**Work task:** Scan the data for "last" and copy the lines it appears in.

[[ Source information, beginning ]]

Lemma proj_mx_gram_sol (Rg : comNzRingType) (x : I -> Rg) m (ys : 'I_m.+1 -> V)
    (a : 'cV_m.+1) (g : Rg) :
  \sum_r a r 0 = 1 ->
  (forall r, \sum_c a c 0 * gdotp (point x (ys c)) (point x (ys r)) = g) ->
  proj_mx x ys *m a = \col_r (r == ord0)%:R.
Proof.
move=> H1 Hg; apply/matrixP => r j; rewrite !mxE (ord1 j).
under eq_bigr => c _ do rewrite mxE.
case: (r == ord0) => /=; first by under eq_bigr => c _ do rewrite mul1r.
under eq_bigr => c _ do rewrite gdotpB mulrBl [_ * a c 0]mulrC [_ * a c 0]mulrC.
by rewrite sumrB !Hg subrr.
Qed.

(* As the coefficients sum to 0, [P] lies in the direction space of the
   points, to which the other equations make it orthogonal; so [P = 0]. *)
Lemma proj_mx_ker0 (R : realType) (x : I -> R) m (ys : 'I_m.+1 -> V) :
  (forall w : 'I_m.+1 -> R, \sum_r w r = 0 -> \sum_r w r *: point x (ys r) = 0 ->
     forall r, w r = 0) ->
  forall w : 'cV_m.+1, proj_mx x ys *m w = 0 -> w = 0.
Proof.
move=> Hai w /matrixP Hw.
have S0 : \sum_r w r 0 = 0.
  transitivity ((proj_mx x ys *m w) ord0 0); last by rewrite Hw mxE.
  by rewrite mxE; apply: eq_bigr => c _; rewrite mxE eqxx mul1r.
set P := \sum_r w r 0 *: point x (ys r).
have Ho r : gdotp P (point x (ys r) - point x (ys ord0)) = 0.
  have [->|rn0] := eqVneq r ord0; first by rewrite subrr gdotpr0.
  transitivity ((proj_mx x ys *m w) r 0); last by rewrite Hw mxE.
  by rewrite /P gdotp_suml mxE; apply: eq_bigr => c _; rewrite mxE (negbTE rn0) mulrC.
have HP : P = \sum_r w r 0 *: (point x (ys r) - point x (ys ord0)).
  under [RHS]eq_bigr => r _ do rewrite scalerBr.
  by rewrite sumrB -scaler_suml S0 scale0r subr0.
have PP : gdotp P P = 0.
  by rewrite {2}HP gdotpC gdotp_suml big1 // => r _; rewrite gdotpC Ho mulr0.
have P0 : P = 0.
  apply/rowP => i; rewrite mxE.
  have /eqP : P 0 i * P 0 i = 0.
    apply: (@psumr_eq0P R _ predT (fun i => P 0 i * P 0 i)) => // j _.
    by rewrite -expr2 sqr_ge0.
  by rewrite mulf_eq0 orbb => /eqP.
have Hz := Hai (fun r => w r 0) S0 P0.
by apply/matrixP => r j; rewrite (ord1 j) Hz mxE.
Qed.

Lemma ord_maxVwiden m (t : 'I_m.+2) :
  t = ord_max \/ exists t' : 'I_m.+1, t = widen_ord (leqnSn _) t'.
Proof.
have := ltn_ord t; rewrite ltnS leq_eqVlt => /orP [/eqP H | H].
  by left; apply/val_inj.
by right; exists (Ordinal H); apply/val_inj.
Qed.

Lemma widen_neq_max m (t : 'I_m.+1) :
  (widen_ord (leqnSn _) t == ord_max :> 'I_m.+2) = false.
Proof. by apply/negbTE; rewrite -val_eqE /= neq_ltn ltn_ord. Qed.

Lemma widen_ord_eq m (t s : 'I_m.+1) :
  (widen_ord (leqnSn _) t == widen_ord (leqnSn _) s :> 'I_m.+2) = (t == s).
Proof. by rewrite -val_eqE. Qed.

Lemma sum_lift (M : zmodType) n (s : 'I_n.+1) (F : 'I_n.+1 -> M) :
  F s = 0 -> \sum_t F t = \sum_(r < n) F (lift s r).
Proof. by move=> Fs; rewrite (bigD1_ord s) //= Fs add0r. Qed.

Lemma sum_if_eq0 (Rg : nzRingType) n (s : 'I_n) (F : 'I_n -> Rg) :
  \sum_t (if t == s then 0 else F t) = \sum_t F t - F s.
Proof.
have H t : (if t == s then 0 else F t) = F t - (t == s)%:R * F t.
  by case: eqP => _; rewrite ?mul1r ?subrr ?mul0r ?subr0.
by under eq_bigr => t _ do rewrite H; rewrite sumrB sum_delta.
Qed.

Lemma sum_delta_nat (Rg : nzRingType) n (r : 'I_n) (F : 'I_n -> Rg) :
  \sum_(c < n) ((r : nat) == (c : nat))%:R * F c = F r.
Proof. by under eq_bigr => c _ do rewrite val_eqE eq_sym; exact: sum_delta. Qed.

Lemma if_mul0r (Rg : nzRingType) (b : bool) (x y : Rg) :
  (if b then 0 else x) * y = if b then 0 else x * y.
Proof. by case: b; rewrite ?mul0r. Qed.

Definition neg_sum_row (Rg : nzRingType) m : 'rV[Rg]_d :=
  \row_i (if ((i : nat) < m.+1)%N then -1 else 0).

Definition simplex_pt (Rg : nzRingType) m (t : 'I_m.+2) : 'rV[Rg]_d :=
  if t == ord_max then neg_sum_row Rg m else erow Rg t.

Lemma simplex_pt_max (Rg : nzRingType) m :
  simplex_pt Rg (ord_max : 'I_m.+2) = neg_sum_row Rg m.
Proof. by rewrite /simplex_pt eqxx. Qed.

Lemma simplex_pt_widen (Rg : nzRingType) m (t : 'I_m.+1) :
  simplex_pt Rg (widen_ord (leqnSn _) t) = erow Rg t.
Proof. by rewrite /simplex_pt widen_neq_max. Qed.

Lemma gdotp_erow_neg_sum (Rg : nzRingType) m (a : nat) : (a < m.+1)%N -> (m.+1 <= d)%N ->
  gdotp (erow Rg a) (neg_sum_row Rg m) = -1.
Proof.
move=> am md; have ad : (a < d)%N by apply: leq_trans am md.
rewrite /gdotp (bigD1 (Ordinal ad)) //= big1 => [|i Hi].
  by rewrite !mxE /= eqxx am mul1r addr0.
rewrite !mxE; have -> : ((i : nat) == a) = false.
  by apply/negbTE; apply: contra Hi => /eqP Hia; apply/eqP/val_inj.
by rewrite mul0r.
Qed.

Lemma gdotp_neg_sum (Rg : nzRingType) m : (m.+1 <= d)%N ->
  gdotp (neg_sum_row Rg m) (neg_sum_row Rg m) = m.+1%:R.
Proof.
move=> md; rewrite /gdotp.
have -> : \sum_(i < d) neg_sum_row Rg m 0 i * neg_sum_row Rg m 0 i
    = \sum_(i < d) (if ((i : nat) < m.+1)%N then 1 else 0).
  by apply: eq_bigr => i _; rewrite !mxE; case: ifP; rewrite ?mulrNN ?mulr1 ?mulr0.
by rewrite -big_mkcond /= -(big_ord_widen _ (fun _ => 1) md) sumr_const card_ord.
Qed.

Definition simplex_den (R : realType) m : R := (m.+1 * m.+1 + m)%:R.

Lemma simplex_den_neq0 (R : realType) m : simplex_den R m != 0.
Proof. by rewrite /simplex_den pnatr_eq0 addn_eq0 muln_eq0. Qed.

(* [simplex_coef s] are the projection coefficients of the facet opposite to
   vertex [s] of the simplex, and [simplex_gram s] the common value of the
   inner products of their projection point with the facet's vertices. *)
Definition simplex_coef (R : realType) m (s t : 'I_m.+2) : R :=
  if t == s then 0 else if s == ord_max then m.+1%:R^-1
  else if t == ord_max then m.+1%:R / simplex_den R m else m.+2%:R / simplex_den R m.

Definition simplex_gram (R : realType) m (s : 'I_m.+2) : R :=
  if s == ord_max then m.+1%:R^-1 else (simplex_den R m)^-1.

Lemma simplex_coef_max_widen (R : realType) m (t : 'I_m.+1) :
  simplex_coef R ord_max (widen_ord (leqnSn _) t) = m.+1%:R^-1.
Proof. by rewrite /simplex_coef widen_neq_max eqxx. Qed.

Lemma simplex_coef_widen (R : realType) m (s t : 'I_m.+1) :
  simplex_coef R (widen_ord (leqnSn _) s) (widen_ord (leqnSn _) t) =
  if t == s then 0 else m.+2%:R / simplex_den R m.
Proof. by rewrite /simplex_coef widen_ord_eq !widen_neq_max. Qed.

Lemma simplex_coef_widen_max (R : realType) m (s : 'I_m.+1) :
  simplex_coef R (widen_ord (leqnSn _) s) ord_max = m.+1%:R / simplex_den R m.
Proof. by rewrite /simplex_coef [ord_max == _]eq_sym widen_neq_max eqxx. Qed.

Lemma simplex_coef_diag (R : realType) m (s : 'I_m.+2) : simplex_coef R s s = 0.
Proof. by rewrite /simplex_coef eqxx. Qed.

[[ Source information, end ]]

**Solution for this problem:**
  transitivity ((proj_mx x ys *m w) ord0 0); last by rewrite Hw mxE.
  transitivity ((proj_mx x ys *m w) r 0); last by rewrite Hw mxE.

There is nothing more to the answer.